As those in the retail sector have determined, ethical audits of suppliers are necessary for reducing exposure to this potentially highly damaging source of risk.
“It is important that other sectors too recognise the importance of monitoring suppliers in this way,” he says.
Undertaking a proper ethical and social audit is a highly skilled activity requiring knowledge of the process, of CSR issues and of good auditing priorities. In particular, many suppliers will be adept at presenting only that which they wish to be seen. Maund points out that there have been cases where several sets of books have been kept, giving very different perspectives.
“Sending a buying team in to a supplier with no particular training in this area could be more damaging than not sending one in at all,” he says. “At least by not sending a team in you are not under the impression that you are protected.”

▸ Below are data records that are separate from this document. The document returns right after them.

(* Let $\alpha\geq 1$ be a real number. If a connected $(n,m)$-graph $G$ has maximum value of $Pl_\alpha$ among all connected $(n,m)$-graphs, then the maximum vertex degree in $G$ is $n-1$.
   Context: All graphs are finite, simple, undirected and connected; an $(n,m)$-graph has $n$ vertices and $m$ edges. The general Platt index is $Pl_\alpha(G)=\sum_{uv\in E(G)}(d_u+d_v-2)^\alpha$, where $d_u$ is the degree of vertex $u$. *)

From Stdlib Require Import Reals.
From mathcomp Require Import all_boot.

Set Implicit Arguments.
Unset Strict Implicit.
Unset Printing Implicit Defensive.

Definition simple_graph (n : nat) (e : rel 'I_n) : Prop :=
  (forall u v, e u v = e v u) /\ (forall u, e u u = false).

(* Connected: every two vertices are joined by a path (n >= 1 required separately). *)
Definition connected_graph (n : nat) (e : rel 'I_n) : Prop :=
  forall u v, connect e u v.

Definition deg (n : nat) (e : rel 'I_n) (u : 'I_n) : nat := #|[set v | e u v]|.

Definition edges (n : nat) (e : rel 'I_n) : {set 'I_n * 'I_n} :=
  [set p : 'I_n * 'I_n | (p.1 < p.2)%N && e p.1 p.2].

Definition num_edges (n : nat) (e : rel 'I_n) : nat := #|edges e|.

(* Real power x^a for x >= 0, with the convention 0^a = 0 (a >= 1 here). *)
Definition rpow (x a : R) : R := if Req_EM_T x R0 then R0 else Rpower x a.

Definition platt (alpha : R) (n : nat) (e : rel 'I_n) : R :=
  \big[Rplus/R0]_(p in edges e)
     rpow (INR (deg e p.1 + deg e p.2 - 2)%N) alpha.

(* Let u be a vertex of maximum degree and suppose d(u) < n - 1.  By connectivity there
   is a path u - x - z with z not adjacent to u.  The Kelmans operation transfers to u
   every neighbour of x that is not already a neighbour of u.  It preserves connectivity,
   the degrees of all vertices other than u and x, and the sum d(u) + d(x), hence the
   number of edges; d(u) strictly increases and d(x) does not.  Since t |-> (t - 2)^alpha
   is nondecreasing and discretely convex for alpha >= 1, no edge at u or x loses weight,
   and the edge xz, which becomes uz, strictly gains; so Pl_alpha strictly increases. *)

From HB Require Import structures.
From Stdlib Require Import Reals Lra Lia.
From mathcomp Require Import all_boot zify.

Set Implicit Arguments.
Unset Strict Implicit.
Unset Printing Implicit Defensive.

Lemma bigD2 (T : Type) (idx : T) (op : Monoid.com_law idx) (I : finType) (i j : I)
    (F : I -> T) : i != j ->
  \big[op/idx]_k F k = op (op (F i) (F j)) (\big[op/idx]_(k | (k != i) && (k != j)) F k).
Proof. by move=> ne_ij; rewrite (bigD1 i) // (bigD1 j) 1?eq_sym //= Monoid.mulmA. Qed.

Lemma big_adj_edges (T : Type) (idx : T) (op : Monoid.com_law idx) n (e : rel 'I_n)
    (g : 'I_n -> 'I_n -> T) :
  simple_graph e -> (forall a b, g a b = g b a) ->
  \big[op/idx]_a \big[op/idx]_b (if e a b then g a b else idx) =
  op (\big[op/idx]_(p in edges e) g p.1 p.2) (\big[op/idx]_(p in edges e) g p.1 p.2).
Proof.
move=> [e_sym e_irr] g_sym.
rewrite pair_bigA -(big_mkcond (fun p : 'I_n * 'I_n => e p.1 p.2)) /=.
rewrite (bigID (fun p : 'I_n * 'I_n => (p.1 < p.2))) /=.
congr (op _ _); first by apply: eq_bigl => p; rewrite inE andbC.
rewrite (reindex_inj (h := fun p : 'I_n * 'I_n => (p.2, p.1))) /=; last first.
  by move=> [a b] [c d] /= [-> ->].
apply: eq_big => [[a b]|[a b] _] /=; last exact: g_sym.
rewrite inE /= e_sym; case: (eqVneq a b) => [->|neq_ab]; first by rewrite e_irr andbF.
by rewrite -leqNgt leq_eqVlt -[(a : nat) == b]/(a == b) (negbTE neq_ab) andbC.
Qed.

In recent weeks an important collaborative initiative from within the electronics sector seems set to have an influence on the way many industrial sectors will monitor suppliers with regards to CSR risk.
At the beginning of March, Achilles and the Global e-Sustainability Initiative (GeSI) signed a memorandum of understanding to set a new three-year strategic plan to drive forward the Electronics Tool for Accountable Supply Chains (E-TASC).

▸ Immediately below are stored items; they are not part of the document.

Definition UIbarstar (D : decomposition) : pid_fun :=
  fun S X1 X2 p => MI (margSX1 p) - SIbar D p.

End InfoDefs.

(** The counterexample: S = (a, b) is a pair of fair bits, X1 is a copy of a
    through a binary symmetric channel with crossover 1/4, and X2 is a if b = 0
    and an erasure symbol if b = 1.  The channel a -> X1 is a garbling of
    a -> X2 (a -> X2 is an erasure channel with erasure probability 1/2), so the
    Blackwell property of UI gives UI(a; X1 \ X2) = 0, i.e. SI(a; X1, X2) =
    I(a; X1) = I(S; X1).  Since SI(f(S); X1, X2) <= I(f(S); X1) <= I(S; X1) for
    every f, this forces UIbar*(S; X1 \ X2) = 0.  Yet S -> X1 is not a garbling
    of S -> X2, because X2 carries no information about a when b = 1. *)

From HB Require Import structures.
From mathcomp Require Import all_boot all_order all_algebra.
From mathcomp Require Import boolp classical_sets reals exp.
From mathcomp Require Import ring lra.
Set Implicit Arguments. Unset Strict Implicit. Unset Printing Implicit Defensive.
Import Order.TTheory GRing.Theory Num.Theory.
Local Open Scope ring_scope.

Section Sums.
Variable R : realType.

Lemma sum_pair (A B : finType) (F : A * B -> R) :
  \sum_(z : A * B) F z = \sum_(a : A) \sum_(b : B) F (a, b).
Proof. by rewrite pair_bigA; apply: eq_bigr => -[]. Qed.

Lemma sum_option (A : finType) (F : option A -> R) :
  \sum_(o : option A) F o = F None + \sum_(a : A) F (Some a).
Proof.
rewrite (bigD1 None) //=; congr (_ + _).
rewrite (reindex_omap Some id) //=; last by case.
by apply: eq_bigl => a; rewrite eqxx.
Qed.

Lemma ler_sum_term (I : finType) (P : pred I) (F : I -> R) j :
  (forall i, P i -> 0 <= F i) -> P j -> F j <= \sum_(i | P i) F i.
Proof.
move=> F_ge0 Pj; rewrite (bigD1 j) //= lerDl sumr_ge0 // => i /andP[+ _].
exact: F_ge0.
Qed.

End Sums.

Section DataProcessing.
Variable R : realType.

Lemma MIE (A B : finType) (q : {ffun A * B -> R}) :
  MI q = \sum_(ab : A * B)
           q ab * ln (q ab / ((\sum_b q (ab.1, b)) * (\sum_a q (a, ab.2)))).
Proof. by apply: eq_bigr => ab _; case: eqP => [->|]; rewrite ?mul0r. Qed.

Subscribers enter details on how their supply facilities manage and reduce their labour, social and ethical, environmental, and health and safety risks and share the information, through the online tool, with their customers. In this way they drive continuous improvement in the supply chain.
Although E-TASC has been used extensively by the electronics industry since 2007, with over 1,000 supply facilities on the system and over 50 global brands now subscribing to it, the new agreement puts it in a strong position to be adopted by other industries for managing CSR compliance globally.
Much of the focus within organisations over the past 18 months has been on containing costs and in particular, on improving efficiencies within procurement and purchasing departments. It’s easy to understand as a small percentage saved on each item purchased can deliver a huge improvement to your profit margin.
Andrew Spence, supply chain business development director at Oracle, sees one of the biggest challenges facing many organisations – particularly those that have been through an acquisition – is in getting a single view of spend across individual category areas and with a single supplier. Often a supplier can be represented in different ways across different systems.
Disparate
Consolidating this information from across disparate systems using master data management tools helps identify situations where supplier “A” in one business unit may be known as supplier “B” in another.
He says by feeding this consolidated information into an analytics process a clearer view of spend can be achieved across the enterprise. Then there is spend classification, which is the ability to apply automated classification rules to your purchase orders.
“Most procurement managers will recognise that when they view an analysis of their spend an awful lot comes up as miscellaneous. What spend classification tools do is go through the data, and using certain rules, relate an invoice, say, to an order,” says Spence.
The application of analytic tools to this consolidated data enables procurement departments to see exactly what they are spending across categories with each supplier. Spence points out: “If, for example, you were able to procure this item at the lowest price we have seen you buy it at over the last year, we reckon you would save this amount of money.”